ЗТМ.– Ты будешь открывать? – шепчет Катуар.
– Глаза?
– Дверь.
– Не буду. Зачем? Нас уже нет.
– Это некрасиво. Вдруг там нужна помощь?
– Кому?
– Например, Шах-оглы Магомедова хочет похмелиться. Медные трубы горят.
Сквозь утлую дверь доносится пугающий голос:
– Марк, вы здесь? Я принесла ваши бэджи. ВИП! Сегодня церемония открытия.

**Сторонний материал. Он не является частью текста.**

(* For all integers $d\ge1$ and $p\ge0$, the best constant $C_{p,d}$ in $$\|\partial_{x_i}v\|_{L^2(K^d)}\le C_{p,d}\|v\|_{L^2(K^d)}\qquad\forall v\in\mathbb{P}_p(K^d),\ \forall i\in\{1,\dots,d\}$$ satisfies $C_{p,d}\le\frac{\sqrt5}{4}(2\sqrt2)^d\,C_{p,1}$, where $K^d:=\{x\in\mathbb{R}^d: x_i\ge0\ \forall i,\ \sum_i x_i\le1\}$ is the unit simplex.
   Context: $\mathbb{P}_p(K^d)$ is the space of polynomials of total degree at most $p$ on $K^d$. $C_{p,1}$ denotes the best constant in the univariate inverse inequality $\|v'\|_{L^2(0,1)}\le C_{p,1}\|v\|_{L^2(0,1)}$ for all polynomials $v$ of degree at most $p$ on $(0,1)$. *)

From Stdlib Require Import Reals List.
From Coquelicot Require Import Coquelicot.
Import ListNotations.
Open Scope R_scope.

(* Points of R^d are represented as x : nat -> R; only the coordinates
   x 0, ..., x (d-1) matter (coordinate i+1 of the paper is x i). *)

Definition scons (t : R) (y : nat -> R) : nat -> R :=
  fun j => match j with O => t | S j' => y j' end.

Definition upd (x : nat -> R) (i : nat) (t : R) : nat -> R :=
  fun j => if Nat.eqb j i then t else x j.

(* Integral over the scaled simplex s*K^d = {y in R^d : y_k >= 0, sum y_k <= s}
   (s >= 0), written as the iterated integral
     int_0^s ( int over (s - t) K^(d-1) of f(t, .) ) dt. *)
Fixpoint simplex_int (d : nat) (s : R) (f : (nat -> R) -> R) : R :=
  match d with
  | O => f (fun _ => 0)
  | S d' => RInt (fun t => simplex_int d' (s - t) (fun y => f (scons t y))) 0 s
  end.

Definition L2norm (d : nat) (f : (nat -> R) -> R) : R :=
  sqrt (simplex_int d 1 (fun x => (f x) ^ 2)).

Fixpoint multi_indices (d p : nat) : list (list nat) :=
  match d with
  | O => [ [] ]
  | S d' => flat_map (fun k => map (cons k) (multi_indices d' (p - k)))
                      (seq 0 (S p))
  end.

Fixpoint monom (alpha : list nat) (x : nat -> R) : R :=
  match alpha with
  | [] => 1
  | a :: al => (x 0%nat) ^ a * monom al (fun j => x (S j))
  end.

Definition in_Pp (d p : nat) (v : (nat -> R) -> R) : Prop :=
  exists c : list nat -> R,
    forall x, v x = fold_right Rplus 0 (map (fun a => c a * monom a x) (multi_indices d p)).

Definition partial (i : nat) (v : (nat -> R) -> R) : (nat -> R) -> R :=
  fun x => Derive (fun t => v (upd x i t)) (x i).

Definition inv_ineq_const (p d : nat) (C : R) : Prop :=
  forall v, in_Pp d p v -> forall i : nat, (i < d)%nat ->
    L2norm d (partial i v) <= C * L2norm d v.

Definition best_const (p d : nat) : Rbar := Glb_Rbar (inv_ineq_const p d).

(* The proof gives the factor [2 d - 1 <= sqrt 5 / 4 * (2 sqrt 2)^d].  For [x] in [K^d] let
   [lambda_k = 1 - sum_j x_j + x_k], the length of the chord of [K^d] through [x] parallel
   to [e_k]; the chord parallel to [e_i - e_j] has length [x_i + x_j].  Cauchy-Schwarz gives
     (d_i v)^2 <= (2d - 1) (lambda_i^2 (d_i v)^2
                            + sum_(j <> i) ((x_i + x_j)^2 (d_i v - d_j v)^2 + lambda_j^2 (d_j v)^2)).
   Each of these [2 d - 1] terms is a squared derivative along a chord weighted by the squared
   chord length.  An affine symmetry of [K^d] maps it to [lambda_m^2 (d_m v)^2] with
   [m = d - 1], and on each chord parallel to [e_m] the univariate inequality, rescaled to
   the chord, bounds its integral by [C_(p,1)^2 ||v||^2].  Hence
   [||d_i v||^2 <= (2d - 1)^2 C_(p,1)^2 ||v||^2].
   All integrands are polynomials.  They are integrated exactly by expanding them in the
   monomials [(1 - sum_k x_k)^b prod_k x_k^(e_k)], whose integrals are Dirichlet integrals;
   this gives linearity, monotonicity and invariance under the symmetries of [K^d] for the
   iterated Riemann integral [simplex_int] on polynomials. *)

From Pilot Require Import Defs.
From Stdlib Require Import Reals Lra Lia List Arith FunctionalExtensionality.
From Coquelicot Require Import Coquelicot.
Import ListNotations.
Open Scope R_scope.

Катуар хихикает мне в волосы:
– А для них ты по-прежнему Марк.
– Черт с ними. Все утопить.
– Я открою. Эта тетка не виновата в том, что мы собрались в Таганрог. У нее свои цели.
– Ты голая.
– Отдай одеяло!После нескольких секунд глухого диалога у дверей (ятак и стою лицом к окну), Катуар восклицает:
– И там будет настоящая красная дорожка?
– Да, девушка. – отвечают ей строго. – Вы точно Марку передадите?
– Конечно. И ему, и Бенки, и Лягарпу, и Брунгильде.
– Кому?
– Всем! Спасибо вам. Всего доброго. Прощайте.